» **WHAT THE EXERCISE ASKS**
Check every line of the data and copy the ones where "ZigzagLevels" appears.

» **DATA RECORDS**
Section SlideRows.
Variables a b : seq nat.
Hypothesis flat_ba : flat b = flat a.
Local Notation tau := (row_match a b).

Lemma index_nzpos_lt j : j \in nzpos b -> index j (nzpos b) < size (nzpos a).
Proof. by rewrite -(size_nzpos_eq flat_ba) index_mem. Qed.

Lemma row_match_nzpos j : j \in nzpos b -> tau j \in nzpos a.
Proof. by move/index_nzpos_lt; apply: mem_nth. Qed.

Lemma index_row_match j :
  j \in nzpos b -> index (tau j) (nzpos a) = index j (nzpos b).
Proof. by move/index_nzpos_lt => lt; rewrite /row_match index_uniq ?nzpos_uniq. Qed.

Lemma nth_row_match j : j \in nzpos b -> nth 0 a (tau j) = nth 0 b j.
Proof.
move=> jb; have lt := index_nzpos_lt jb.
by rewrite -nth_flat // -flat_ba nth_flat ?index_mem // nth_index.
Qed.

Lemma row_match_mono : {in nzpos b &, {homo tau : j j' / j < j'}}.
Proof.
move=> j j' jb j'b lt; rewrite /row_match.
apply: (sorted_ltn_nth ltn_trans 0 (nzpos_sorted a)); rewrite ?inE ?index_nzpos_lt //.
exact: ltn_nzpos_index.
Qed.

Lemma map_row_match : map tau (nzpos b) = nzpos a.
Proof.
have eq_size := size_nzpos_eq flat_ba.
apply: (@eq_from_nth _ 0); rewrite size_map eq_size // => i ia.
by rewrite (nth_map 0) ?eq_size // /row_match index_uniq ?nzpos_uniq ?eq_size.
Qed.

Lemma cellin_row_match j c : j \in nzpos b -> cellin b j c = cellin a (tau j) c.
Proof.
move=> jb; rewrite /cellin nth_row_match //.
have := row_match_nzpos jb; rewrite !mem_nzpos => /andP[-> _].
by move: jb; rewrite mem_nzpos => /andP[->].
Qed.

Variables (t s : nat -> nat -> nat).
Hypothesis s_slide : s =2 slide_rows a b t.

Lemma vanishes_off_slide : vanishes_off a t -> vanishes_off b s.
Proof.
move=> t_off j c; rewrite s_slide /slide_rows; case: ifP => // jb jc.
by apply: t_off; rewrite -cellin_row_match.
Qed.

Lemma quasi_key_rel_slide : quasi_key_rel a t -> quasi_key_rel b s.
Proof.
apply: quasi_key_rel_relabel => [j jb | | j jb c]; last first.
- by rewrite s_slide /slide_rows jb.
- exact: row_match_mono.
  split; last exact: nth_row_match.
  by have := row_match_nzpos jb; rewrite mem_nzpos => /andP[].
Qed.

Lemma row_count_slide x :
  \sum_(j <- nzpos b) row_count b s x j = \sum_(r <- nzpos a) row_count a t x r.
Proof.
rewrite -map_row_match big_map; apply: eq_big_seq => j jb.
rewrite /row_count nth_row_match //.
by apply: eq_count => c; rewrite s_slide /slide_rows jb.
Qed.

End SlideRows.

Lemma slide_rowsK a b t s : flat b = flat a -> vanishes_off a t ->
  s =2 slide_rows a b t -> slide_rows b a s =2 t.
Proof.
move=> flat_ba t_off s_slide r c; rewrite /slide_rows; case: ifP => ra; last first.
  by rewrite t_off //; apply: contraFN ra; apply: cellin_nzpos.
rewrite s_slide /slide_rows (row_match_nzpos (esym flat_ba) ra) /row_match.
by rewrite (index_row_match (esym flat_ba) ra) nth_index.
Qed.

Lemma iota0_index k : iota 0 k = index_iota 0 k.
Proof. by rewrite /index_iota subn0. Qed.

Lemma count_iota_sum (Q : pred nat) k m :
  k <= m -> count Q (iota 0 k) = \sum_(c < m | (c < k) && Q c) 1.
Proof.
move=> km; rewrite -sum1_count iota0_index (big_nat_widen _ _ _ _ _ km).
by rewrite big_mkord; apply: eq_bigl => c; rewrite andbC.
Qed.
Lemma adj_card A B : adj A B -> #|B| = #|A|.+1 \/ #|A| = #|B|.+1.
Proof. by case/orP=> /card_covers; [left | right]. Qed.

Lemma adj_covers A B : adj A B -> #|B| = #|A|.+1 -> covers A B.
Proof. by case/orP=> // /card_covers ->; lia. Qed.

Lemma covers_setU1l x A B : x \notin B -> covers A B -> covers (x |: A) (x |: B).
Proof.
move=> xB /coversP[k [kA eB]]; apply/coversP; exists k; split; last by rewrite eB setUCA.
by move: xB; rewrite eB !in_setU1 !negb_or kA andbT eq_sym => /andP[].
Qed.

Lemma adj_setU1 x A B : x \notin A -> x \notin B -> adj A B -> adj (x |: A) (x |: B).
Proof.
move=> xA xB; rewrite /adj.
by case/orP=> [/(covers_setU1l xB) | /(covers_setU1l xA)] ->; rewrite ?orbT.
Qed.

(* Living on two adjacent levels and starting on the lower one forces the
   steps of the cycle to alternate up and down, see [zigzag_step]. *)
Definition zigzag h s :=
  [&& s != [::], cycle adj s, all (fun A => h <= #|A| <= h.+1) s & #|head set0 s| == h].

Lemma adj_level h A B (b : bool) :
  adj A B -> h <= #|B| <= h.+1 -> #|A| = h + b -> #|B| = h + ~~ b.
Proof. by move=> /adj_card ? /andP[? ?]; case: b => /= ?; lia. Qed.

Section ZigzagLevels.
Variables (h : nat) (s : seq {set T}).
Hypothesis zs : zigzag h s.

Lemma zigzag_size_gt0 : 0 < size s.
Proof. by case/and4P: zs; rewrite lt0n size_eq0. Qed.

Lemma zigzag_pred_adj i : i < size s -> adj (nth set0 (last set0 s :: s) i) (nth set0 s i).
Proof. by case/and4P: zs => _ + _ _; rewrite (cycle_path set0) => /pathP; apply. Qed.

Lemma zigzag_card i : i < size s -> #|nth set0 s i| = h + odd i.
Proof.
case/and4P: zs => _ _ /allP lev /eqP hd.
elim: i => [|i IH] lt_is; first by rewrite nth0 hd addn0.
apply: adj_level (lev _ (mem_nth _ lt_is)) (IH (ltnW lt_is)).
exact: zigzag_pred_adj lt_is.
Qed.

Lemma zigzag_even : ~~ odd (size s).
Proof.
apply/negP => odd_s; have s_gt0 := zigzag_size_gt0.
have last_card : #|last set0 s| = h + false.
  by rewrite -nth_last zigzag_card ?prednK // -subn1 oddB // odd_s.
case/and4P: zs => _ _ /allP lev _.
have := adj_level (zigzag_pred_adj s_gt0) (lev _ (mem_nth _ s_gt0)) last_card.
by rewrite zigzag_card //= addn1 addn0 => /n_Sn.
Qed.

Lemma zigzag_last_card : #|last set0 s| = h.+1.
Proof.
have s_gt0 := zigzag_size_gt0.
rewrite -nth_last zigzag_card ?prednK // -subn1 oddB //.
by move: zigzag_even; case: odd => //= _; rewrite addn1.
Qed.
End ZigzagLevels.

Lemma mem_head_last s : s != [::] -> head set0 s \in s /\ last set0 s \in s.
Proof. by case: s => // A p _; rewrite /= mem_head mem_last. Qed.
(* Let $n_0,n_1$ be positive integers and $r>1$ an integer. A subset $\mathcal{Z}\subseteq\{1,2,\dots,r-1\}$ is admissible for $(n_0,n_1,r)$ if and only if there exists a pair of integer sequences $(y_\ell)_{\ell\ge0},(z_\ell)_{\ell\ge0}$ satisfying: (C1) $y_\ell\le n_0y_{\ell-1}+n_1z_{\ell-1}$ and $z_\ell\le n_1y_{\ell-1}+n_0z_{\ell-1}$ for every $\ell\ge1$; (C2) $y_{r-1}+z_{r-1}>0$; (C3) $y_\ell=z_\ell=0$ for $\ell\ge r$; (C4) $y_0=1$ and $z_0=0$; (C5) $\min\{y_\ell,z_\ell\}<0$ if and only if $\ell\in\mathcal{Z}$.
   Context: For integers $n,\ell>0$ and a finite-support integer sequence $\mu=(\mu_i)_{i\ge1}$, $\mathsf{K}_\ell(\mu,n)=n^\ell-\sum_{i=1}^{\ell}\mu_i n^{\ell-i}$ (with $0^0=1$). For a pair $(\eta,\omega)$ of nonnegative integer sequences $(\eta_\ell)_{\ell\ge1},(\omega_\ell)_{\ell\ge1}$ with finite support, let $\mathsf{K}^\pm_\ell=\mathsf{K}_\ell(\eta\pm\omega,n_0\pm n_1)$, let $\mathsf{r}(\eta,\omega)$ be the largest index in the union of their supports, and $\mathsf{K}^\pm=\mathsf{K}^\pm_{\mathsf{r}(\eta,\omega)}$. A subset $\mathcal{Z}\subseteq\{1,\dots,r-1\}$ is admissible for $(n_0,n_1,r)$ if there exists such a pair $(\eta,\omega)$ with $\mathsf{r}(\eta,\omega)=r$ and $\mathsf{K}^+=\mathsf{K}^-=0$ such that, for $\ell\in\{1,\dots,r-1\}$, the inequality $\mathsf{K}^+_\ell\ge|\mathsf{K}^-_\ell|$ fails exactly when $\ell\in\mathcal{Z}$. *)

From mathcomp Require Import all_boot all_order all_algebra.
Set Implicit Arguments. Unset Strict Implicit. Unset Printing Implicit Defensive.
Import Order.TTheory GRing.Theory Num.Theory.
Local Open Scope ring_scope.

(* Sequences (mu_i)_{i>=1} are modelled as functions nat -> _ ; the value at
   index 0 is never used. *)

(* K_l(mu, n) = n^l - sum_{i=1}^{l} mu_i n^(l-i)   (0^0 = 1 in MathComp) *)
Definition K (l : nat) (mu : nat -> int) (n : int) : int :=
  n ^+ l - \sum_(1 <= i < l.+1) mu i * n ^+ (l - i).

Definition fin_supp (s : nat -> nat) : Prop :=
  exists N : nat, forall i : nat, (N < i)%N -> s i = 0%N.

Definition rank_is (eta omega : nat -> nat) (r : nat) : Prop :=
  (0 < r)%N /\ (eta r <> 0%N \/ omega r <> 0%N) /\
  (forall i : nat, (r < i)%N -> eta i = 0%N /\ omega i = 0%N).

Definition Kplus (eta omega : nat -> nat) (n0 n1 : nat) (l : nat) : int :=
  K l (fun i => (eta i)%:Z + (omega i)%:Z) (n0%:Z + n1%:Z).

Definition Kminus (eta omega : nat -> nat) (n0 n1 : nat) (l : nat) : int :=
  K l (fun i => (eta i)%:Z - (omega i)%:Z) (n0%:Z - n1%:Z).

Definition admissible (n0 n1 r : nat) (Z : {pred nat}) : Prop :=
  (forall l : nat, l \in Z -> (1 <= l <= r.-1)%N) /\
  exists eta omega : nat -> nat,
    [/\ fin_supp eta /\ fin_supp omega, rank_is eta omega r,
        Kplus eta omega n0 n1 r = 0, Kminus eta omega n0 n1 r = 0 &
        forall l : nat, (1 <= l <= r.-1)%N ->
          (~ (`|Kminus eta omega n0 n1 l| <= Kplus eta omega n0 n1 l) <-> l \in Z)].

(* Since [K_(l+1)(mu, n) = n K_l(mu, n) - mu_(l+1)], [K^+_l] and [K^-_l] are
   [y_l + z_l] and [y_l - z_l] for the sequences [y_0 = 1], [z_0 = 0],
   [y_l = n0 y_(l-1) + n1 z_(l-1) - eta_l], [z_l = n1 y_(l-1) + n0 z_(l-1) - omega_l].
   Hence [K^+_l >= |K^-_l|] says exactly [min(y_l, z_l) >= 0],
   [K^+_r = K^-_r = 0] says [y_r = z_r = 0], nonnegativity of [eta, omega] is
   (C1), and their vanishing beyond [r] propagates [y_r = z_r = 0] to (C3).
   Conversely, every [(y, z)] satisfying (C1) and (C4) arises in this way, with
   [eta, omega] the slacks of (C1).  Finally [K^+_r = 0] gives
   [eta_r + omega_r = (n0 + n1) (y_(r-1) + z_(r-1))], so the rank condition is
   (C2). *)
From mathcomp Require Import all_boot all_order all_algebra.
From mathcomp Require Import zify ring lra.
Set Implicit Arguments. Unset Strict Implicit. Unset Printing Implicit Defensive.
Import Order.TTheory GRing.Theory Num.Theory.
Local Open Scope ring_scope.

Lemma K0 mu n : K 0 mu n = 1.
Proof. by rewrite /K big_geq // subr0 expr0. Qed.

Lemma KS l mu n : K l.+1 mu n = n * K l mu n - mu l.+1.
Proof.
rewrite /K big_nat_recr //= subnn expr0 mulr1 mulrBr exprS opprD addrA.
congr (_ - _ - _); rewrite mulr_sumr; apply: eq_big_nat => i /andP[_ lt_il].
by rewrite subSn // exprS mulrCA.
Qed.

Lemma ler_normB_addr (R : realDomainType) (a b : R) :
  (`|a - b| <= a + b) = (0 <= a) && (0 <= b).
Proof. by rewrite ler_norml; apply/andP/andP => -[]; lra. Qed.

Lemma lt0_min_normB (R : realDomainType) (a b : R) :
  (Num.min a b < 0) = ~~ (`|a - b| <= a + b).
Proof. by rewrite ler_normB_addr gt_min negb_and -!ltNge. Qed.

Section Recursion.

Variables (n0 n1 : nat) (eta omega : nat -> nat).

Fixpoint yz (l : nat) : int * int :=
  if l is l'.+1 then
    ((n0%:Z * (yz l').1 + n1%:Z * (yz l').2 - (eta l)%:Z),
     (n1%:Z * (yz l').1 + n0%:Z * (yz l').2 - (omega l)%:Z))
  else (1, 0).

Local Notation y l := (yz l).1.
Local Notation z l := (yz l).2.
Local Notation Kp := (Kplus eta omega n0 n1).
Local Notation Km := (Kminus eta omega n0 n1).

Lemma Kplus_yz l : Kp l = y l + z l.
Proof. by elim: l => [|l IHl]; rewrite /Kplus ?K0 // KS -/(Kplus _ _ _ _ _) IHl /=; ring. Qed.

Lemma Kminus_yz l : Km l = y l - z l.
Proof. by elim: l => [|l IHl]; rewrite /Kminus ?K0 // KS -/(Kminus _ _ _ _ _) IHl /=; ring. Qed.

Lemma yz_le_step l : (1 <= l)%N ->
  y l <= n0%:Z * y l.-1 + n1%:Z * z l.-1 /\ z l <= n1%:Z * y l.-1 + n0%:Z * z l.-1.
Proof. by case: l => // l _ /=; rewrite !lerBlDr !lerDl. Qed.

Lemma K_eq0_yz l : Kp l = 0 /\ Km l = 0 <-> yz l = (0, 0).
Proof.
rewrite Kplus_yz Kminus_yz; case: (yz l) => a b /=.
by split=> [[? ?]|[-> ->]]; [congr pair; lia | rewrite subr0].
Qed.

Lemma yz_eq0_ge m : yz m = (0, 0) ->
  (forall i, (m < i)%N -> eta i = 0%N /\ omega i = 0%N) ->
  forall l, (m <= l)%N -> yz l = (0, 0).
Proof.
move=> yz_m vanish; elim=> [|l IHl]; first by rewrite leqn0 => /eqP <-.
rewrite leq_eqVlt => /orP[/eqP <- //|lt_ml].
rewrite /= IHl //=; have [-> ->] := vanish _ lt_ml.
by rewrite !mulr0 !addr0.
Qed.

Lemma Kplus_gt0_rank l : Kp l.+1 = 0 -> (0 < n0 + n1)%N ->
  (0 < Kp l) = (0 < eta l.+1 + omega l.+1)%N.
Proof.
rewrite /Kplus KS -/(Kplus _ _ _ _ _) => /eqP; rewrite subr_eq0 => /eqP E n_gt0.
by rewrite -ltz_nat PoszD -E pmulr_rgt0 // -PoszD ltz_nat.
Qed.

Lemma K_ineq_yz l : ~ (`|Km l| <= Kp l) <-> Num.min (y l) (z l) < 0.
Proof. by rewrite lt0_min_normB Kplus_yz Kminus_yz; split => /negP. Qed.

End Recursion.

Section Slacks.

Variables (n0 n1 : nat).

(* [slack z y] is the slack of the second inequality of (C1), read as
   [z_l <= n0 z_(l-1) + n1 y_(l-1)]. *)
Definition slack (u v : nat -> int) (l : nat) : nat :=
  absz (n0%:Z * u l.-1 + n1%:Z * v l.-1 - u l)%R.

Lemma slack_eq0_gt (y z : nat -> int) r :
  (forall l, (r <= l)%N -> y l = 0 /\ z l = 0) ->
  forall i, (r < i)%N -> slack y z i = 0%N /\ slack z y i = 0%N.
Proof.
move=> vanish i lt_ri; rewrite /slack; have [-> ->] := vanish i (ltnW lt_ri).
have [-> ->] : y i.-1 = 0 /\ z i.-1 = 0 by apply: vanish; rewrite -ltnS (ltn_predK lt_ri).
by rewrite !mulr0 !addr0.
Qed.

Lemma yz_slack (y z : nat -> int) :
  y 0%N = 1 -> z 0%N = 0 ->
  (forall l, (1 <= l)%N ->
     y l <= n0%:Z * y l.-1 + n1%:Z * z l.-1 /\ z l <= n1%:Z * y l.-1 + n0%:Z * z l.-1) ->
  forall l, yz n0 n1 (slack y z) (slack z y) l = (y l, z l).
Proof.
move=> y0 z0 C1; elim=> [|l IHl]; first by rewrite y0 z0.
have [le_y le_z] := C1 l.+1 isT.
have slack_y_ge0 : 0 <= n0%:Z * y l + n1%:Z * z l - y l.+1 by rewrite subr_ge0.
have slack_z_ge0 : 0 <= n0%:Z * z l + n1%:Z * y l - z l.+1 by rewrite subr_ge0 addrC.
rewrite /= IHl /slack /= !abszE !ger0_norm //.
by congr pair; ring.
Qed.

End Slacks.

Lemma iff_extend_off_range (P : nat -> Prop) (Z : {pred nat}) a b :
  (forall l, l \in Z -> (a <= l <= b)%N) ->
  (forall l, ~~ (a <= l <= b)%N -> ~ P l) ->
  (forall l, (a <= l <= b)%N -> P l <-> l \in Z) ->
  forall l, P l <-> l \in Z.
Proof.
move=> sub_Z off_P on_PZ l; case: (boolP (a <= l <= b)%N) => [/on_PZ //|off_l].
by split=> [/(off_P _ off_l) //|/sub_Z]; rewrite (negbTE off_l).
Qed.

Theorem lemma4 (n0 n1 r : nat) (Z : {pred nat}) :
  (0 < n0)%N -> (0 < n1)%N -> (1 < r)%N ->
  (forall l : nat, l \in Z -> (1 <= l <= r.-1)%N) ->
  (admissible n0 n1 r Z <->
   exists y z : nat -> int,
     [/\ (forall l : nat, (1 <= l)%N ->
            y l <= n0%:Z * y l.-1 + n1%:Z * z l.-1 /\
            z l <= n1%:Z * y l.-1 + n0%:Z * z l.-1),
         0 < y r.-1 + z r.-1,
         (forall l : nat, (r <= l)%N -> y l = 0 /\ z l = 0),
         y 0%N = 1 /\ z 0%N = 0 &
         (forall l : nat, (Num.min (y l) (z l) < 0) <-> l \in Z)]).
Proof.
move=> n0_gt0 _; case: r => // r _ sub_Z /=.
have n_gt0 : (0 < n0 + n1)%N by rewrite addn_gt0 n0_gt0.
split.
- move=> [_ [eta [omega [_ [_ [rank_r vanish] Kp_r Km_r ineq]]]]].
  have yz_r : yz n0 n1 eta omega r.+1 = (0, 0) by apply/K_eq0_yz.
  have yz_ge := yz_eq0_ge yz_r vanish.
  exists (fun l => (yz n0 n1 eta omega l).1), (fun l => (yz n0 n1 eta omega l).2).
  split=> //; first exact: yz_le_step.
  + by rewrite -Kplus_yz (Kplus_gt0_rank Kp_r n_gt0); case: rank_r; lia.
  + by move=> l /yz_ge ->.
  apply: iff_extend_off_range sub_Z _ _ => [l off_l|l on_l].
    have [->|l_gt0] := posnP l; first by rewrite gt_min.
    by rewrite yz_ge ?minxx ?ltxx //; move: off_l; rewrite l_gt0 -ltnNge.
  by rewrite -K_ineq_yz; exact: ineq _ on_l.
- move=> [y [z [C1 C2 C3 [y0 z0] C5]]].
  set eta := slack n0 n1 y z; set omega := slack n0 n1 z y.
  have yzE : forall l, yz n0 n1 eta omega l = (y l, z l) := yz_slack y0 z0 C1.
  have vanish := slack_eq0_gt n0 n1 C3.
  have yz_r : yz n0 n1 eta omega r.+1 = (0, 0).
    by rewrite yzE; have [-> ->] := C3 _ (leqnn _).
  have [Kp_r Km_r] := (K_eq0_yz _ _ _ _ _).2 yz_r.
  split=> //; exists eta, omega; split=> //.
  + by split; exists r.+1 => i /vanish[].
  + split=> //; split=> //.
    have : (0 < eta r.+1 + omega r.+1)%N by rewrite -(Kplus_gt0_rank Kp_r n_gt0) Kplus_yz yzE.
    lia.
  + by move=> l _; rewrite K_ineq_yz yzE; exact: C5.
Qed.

» **ANSWER TO THIS TASK**
Section ZigzagLevels.
End ZigzagLevels.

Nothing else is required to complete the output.